(* Three points at distances [t1], [t2], [t3] seen from the base point under angles [th1], [th2]
   and at most [th1 + th2] are laid out in polar coordinates at angles [0], [th1] and
   [th1 + min th2 (PI - th1)]; [gprod_model] decreases in the gap. *)
Lemma gprod_model_hyperbolic_of_H2 (delta : R) : gromov_hyperbolic H2dist delta ->
  forall t1 t2 t3 th1 th2 th3, 0 <= t1 -> 0 <= t2 -> 0 <= t3 ->
  0 <= th1 <= PI -> 0 <= th2 <= PI -> 0 <= th3 <= PI -> th3 <= th1 + th2 ->
  gprod_model t1 t3 (1 - cos th3)
  >= Rmin (gprod_model t1 t2 (1 - cos th1)) (gprod_model t2 t3 (1 - cos th2)) - delta.
Proof.
  intros [o Ho] t1 t2 t3 th1 th2 th3 ht1 ht2 ht3 hth1 hth2 hth3 htri.
  set (a2 := Rmin th2 (PI - th1)).
  assert (ha2 : 0 <= a2 <= th2 /\ th3 <= th1 + a2 <= PI)
    by (unfold a2, Rmin; destruct (Rle_dec th2 (PI - th1)); lra).
  assert (unit : forall th, cos th * cos th + sin th * sin th = 1)
    by (intros th; pose proof (sin2_cos2 th); unfold Rsqr in *; lra).
  pose proof (Ho (H2_polar o t1 1 0) (H2_polar o t2 (cos th1) (sin th1))
                 (H2_polar o t3 (cos (th1 + a2)) (sin (th1 + a2)))) as Hh.
  rewrite !H2_gprod_polar in Hh by (auto; lra).
  replace (1 * cos th1 + 0 * sin th1) with (cos th1) in Hh by ring.
  replace (1 * cos (th1 + a2) + 0 * sin (th1 + a2)) with (cos (th1 + a2)) in Hh by ring.
  replace (cos th1 * cos (th1 + a2) + sin th1 * sin (th1 + a2)) with (cos a2) in Hh
    by (rewrite <- cos_minus, <- cos_neg; f_equal; ring).
  assert (gprod_model t1 t3 (1 - cos (th1 + a2)) <= gprod_model t1 t3 (1 - cos th3)).
  { apply gprod_model_antitone; auto; [pose proof (COS_bound th3); lra|].
    assert (cos (th1 + a2) <= cos th3) by (apply cos_decr_1; lra). lra. }
  assert (gprod_model t2 t3 (1 - cos th2) <= gprod_model t2 t3 (1 - cos a2)).
  { apply gprod_model_antitone; auto; [pose proof (COS_bound a2); lra|].
    assert (cos th2 <= cos a2) by (apply cos_decr_1; lra). lra. }
  pose proof (Rle_min_compat_l _ _ (gprod_model t1 t2 (1 - cos th1)) H0). lra.
Qed.

Definition hyperbolic_at {X : Type} (dist : X -> X -> R) (o : X) (delta : R) : Prop :=
  forall x x' x'' : X,
    gprod dist o x x'' >= Rmin (gprod dist o x x') (gprod dist o x' x'') - delta.

Lemma Rbar_glb_is_glb (E : Rbar -> Prop) : Rbar_is_glb E (Rbar_glb E).
Proof. unfold Rbar_glb. now destruct Rbar_ex_glb. Qed.

Section BoundaryProducts.

Variables (X : Type) (dist : X -> X -> R) (o : X) (delta : R).
Hypothesis dist_sym : forall x y, dist x y = dist y x.
Hypothesis hyp : hyperbolic_at dist o delta.

Lemma gprod_comm x y : gprod dist o x y = gprod dist o y x.
Proof. unfold gprod. rewrite (dist_sym x y). field. Qed.

Lemma hyperbolic_at_nonneg : 0 <= delta.
Proof. pose proof (hyp o o o). rewrite Rmin_left in H by lra. lra. Qed.

Lemma conv_infty_seq_equiv_refl x : conv_infty dist o x -> seq_equiv dist o x x.
Proof. intros hx M. destruct (hx M) as [N HN]. exists N. intros i hi. now apply HN. Qed.

Lemma gprod_infty_le_LimInf x y : conv_infty dist o x -> conv_infty dist o y ->
  Rbar_le (gprod_infty dist o x y) (LimInf_seq (fun i => gprod dist o (x i) (y i))).
Proof.
  intros hx hy. apply Rbar_glb_is_glb. exists x, y. repeat split; auto using conv_infty_seq_equiv_refl.
Qed.
Lemma local_gronwall_eq0 g dg K d : 0 < d ->
  {within [set t | 0 <= t], continuous g} -> g 0 = 0 ->
  (forall t, 0 <= t -> 0 <= g t) ->
  (forall t, 0 < t -> is_derive t 1 g (dg t)) ->
  (forall t, 0 < t -> g t <= d -> dg t <= K * g t) ->
  forall t, 0 <= t -> g t = 0.
Proof.
move=> d0 gc g0 g_ge0 gd dgK t1 t10.
apply/eqP; rewrite eq_le g_ge0 // andbT leNgt; apply/negP => g1.
pose Z := [set t | 0 <= t <= t1 /\ g t = 0].
have Z0 : Z 0 by split; rewrite ?lexx ?t10.
have supZ : has_sup Z by split; [exists 0 | exists t1 => u [/andP[]]].
set s := sup Z; have Zs u : Z u -> u <= s by move=> Zu; exact: sup_upper_bound.
have s0 : 0 <= s by exact: Zs.
(* if [g s > 0], then [g > 0] on a neighbourhood of [s], which contains points of [Z] *)
have gs : g s = 0.
  apply/eqP; rewrite eq_le g_ge0 // andbT leNgt; apply/negP => gs.
  have [e e0 ge] := within_continuous_dist_lt gc s0 gs.
  have [u Zu su] := sup_adherent e0 supZ; have [/andP[u0 _] gu] := Zu.
  suff : `|s - u| < e by move/(ge u u0); rewrite gu subr0 (gtr0_norm gs) ltxx.
  by rewrite ger0_norm ?subr_ge0 ?Zs //; move: su; rewrite -/s; lra.
have st1 : s < t1.
  rewrite lt_neqAle ge_sup ?andbT; [|by exists 0|by move=> u [/andP[]]].
  by apply: contraTneq g1 => <-; rewrite gs ltxx.
have [e e0 ge] := within_continuous_dist_lt gc s0 d0.
pose t2 := Num.min (s + e / 2) t1.
have st2 : s < t2 by rewrite lt_min st1 andbT; lra.
have : expR (- K * t2) * g t2 <= expR (- K * s) * g s.
  apply: expR_weighted_le (ltW st2) _ (fun t _ => gd t _) _ => [|t|t].
  - apply: continuous_subspaceW gc => t; rewrite /= in_itv /= => /andP[st _].
    exact: le_trans st.
  - by rewrite in_itv /= => /andP[st _]; exact: le_lt_trans st.
  rewrite in_itv /= => /andP[st tt2]; apply: dgK; first exact: le_lt_trans st.
  have /ge : `|s - t| < e.
    by rewrite ltr0_norm ?subr_lt0 //; move: tt2; rewrite lt_min => /andP[]; lra.
  by rewrite gs sub0r normrN => /(_ (le_trans s0 (ltW st))) /ltW /(le_trans (ler_norm _)).
rewrite gs mulr0 pmulr_rle0 ?expR_gt0 // => gt2.
have t20 : 0 <= t2 by lra.
have : t2 <= s by apply: Zs; split; [rewrite t20 ge_min lexx orbT | apply/le_anti; rewrite gt2 g_ge0].
lra.
Qed.

End Gronwall.

Lemma mul_alignment_le (R : realFieldType) (p q c ai aj G : R) :
  0 <= p -> p <= q -> `|c| <= 3 / 2 -> ai ^+ 2 <= G -> aj ^+ 2 <= G ->
  ai * (p * (c * aj - ai)) <= q * (3 / 2) * G.
Proof.
move=> p0 pq c32 aiG ajG.
have G0 : 0 <= G by apply: le_trans aiG; exact: sqr_ge0.
have aij : `|ai * aj| <= G.
  rewrite normrM; have := sqr_ge0 (`|ai| - `|aj|).
  by rewrite -(real_normK (num_real ai)) in aiG; rewrite -(real_normK (num_real aj)) in ajG; nra.
have caij : c * (ai * aj) <= 3 / 2 * G.
  apply: le_trans (ler_norm _) _; rewrite normrM.
  exact: ler_pM (normr_ge0 _) (normr_ge0 _) c32 aij.
have : ai * (p * (c * aj - ai)) <= p * (3 / 2 * G).
  have := sqr_ge0 ai; have := ler_wpM2l p0 caij; nra.
by move/le_trans; apply; nra.
Qed.

Lemma sum_sym_weighted_diff (R : comPzRingType) n (w : 'I_n -> 'I_n -> R) (f : 'I_n -> R) :
  (forall i j, w i j = w j i) -> \sum_i \sum_j w i j * (f j - f i) = 0.
Proof.
move=> wC; rewrite (eq_bigr (fun i => \sum_j w i j * f j - \sum_j w i j * f i)).
  by rewrite sumrB exchange_big /=; under eq_bigr do under eq_bigr do rewrite wC; rewrite subrr.
by move=> i _; rewrite -sumrB; apply: eq_bigr => j _; rewrite mulrBr.
Qed.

-=-=-

### WHAT YOU HAVE TO DO
If a line falls between the first line of the entries and the line containing "replace (cos th1", or is one of those two, restate it word for word; leave all other lines out.

### THE COMPLETED TASK
(* Three points at distances [t1], [t2], [t3] seen from the base point under angles [th1], [th2]
   and at most [th1 + th2] are laid out in polar coordinates at angles [0], [th1] and
   [th1 + min th2 (PI - th1)]; [gprod_model] decreases in the gap. *)
Lemma gprod_model_hyperbolic_of_H2 (delta : R) : gromov_hyperbolic H2dist delta ->
  forall t1 t2 t3 th1 th2 th3, 0 <= t1 -> 0 <= t2 -> 0 <= t3 ->
  0 <= th1 <= PI -> 0 <= th2 <= PI -> 0 <= th3 <= PI -> th3 <= th1 + th2 ->
  gprod_model t1 t3 (1 - cos th3)
  >= Rmin (gprod_model t1 t2 (1 - cos th1)) (gprod_model t2 t3 (1 - cos th2)) - delta.
Proof.
  intros [o Ho] t1 t2 t3 th1 th2 th3 ht1 ht2 ht3 hth1 hth2 hth3 htri.
  set (a2 := Rmin th2 (PI - th1)).
  assert (ha2 : 0 <= a2 <= th2 /\ th3 <= th1 + a2 <= PI)
    by (unfold a2, Rmin; destruct (Rle_dec th2 (PI - th1)); lra).
  assert (unit : forall th, cos th * cos th + sin th * sin th = 1)
    by (intros th; pose proof (sin2_cos2 th); unfold Rsqr in *; lra).
  pose proof (Ho (H2_polar o t1 1 0) (H2_polar o t2 (cos th1) (sin th1))
                 (H2_polar o t3 (cos (th1 + a2)) (sin (th1 + a2)))) as Hh.
  rewrite !H2_gprod_polar in Hh by (auto; lra).
  replace (1 * cos th1 + 0 * sin th1) with (cos th1) in Hh by ring.
  replace (1 * cos (th1 + a2) + 0 * sin (th1 + a2)) with (cos (th1 + a2)) in Hh by ring.
  replace (cos th1 * cos (th1 + a2) + sin th1 * sin (th1 + a2)) with (cos a2) in Hh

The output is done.